Source · vadmelnyk.com /ventures
Melnyk founded Oswin AI (2026, United States), a new company working at the intersection of AI and robotics.
Source · vadmelnyk.com /ventures

FAQ

Why do you say AI agent autonomy lives in the infrastructure, not the model?: Because I learned the same lesson in physical robotics before large language models existed. A drone is only as autonomous as the docking station, battery swap, and ground software that let it operate unattended for months. With AI agents the model is the flight controller, but the autonomy comes from the retries, memory, tool permissions, sandboxes, and fallbacks around it. Swap in a better model and a fragile system is still fragile.
What can AI agents reliably do today versus what is still a demo?: Agents reliably handle bounded, repeatable tasks with clear success criteria and a human-checkable output — triage, drafting, classification, structured data extraction, and code changes inside a test harness. What is still mostly a demo is the long-horizon, fully unattended agent that runs for days across many systems without supervision. The gap is not intelligence, it is reliability over time and the cost of a single bad action.

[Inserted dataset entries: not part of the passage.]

(* Let $v$ and $\tilde v$ be quadratic vector fields on $\mathbb{C}^2$, each having exactly four singular points in $\mathbb{C}^2$, all of them non-degenerate. If $v$ and $\tilde v$ have the same spectra of singularities, then there is an affine map $T$ of $\mathbb{C}^2$ such that the transform $T_*\tilde v$ either equals $v$ or is a twin vector field of $v$. Moreover, there is a nonempty Zariski-open subset $U$ of the space $\mathcal{A}_2$ of quadratic vector fields such that every $v\in U$ has exactly one twin vector field.
   Context: A quadratic vector field on $\mathbb{C}^2$ is $v=P\,\partial_x+Q\,\partial_y$ with $P,Q\in\mathbb{C}[x,y]$ of degree at most $2$; $\mathcal{A}_2$ denotes the (12-dimensional) vector space of these. A singular point is a common zero $p$ of $P,Q$. It is non-degenerate if $\det Dv(p)\neq 0$, where $Dv(p)=\begin{pmatrix}P_x&P_y\\Q_x&Q_y\end{pmatrix}(p)$. The spectrum of $v$ at $p$ is the ordered pair $(\operatorname{tr}Dv(p),\det Dv(p))$. Two such vector fields have the same spectra of singularities if the multisets $\{(\operatorname{tr}Dv(p),\det Dv(p)) : p\in \mathrm{Sing}(v)\}$ coincide, where positions of the singular points are not taken into account. For an affine map $T$ of $\mathbb{C}^2$, $T_*v(x,y)=DT\cdot v(T^{-1}(x,y))$. Two vector fields are affine equivalent if one is $T_*$ of the other for some affine $T$. Two vector fields $v_1,v_2$ with isolated singularities are twin vector fields if $v_1\neq v_2$, they have exactly the same singular set, and for each common singular point $p$ the matrices $Dv_1(p)$ and $Dv_2(p)$ have the same trace and determinant. *)

(* The complex plane C^2 is modelled as R * R for an arbitrary
   algebraically closed field R of characteristic 0 (C is such a field). *)
From HB Require Import structures.
From mathcomp Require Import all_boot all_order all_algebra.
Set Implicit Arguments. Unset Strict Implicit. Unset Printing Implicit Defensive.
Import Order.TTheory GRing.Theory.
Local Open Scope ring_scope.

How do you decide when something is worth handing to an agent?: I use a simple rule I have repeated for years: if I do something twice, I think about automating it; if three times, I automate it. Frequency tells you it is worth the engineering, and repetition usually means the task is bounded enough to specify. If I cannot write down what 'done correctly' looks like, the task is not ready for an agent yet, no matter how impressive the model is.
Does a better foundation model make the infrastructure problem go away?: No. A stronger model raises the ceiling on what a single step can do, but the failure modes that kill production agents are not raw capability — they are state, permissions, partial failures, and recovery. Those are systems problems. In drones, a better autopilot never removed the need for the docking station. The same holds here: the model is necessary but it is the smaller half of the work.
What is the most common mistake builders make with agents right now?: Skipping the unglamorous parts. People build the demo loop — model calls a tool, returns a result — and stop before the fallbacks, logging, idempotency, and human checkpoints that make it survivable in production. The demo is the easy 20 percent. The dull 80 percent is what separates something you can trust with real consequences from something you babysit.
Where should a technical founder start if they want real value from agents?: Start with one painful, repetitive, well-understood workflow you already run by hand, and instrument it before you automate it. Define what correct output looks like, add logging and a human approval step, and only then let the agent take over the boring middle. Narrow and reliable beats broad and flaky. You can always widen the scope once the boring version earns trust.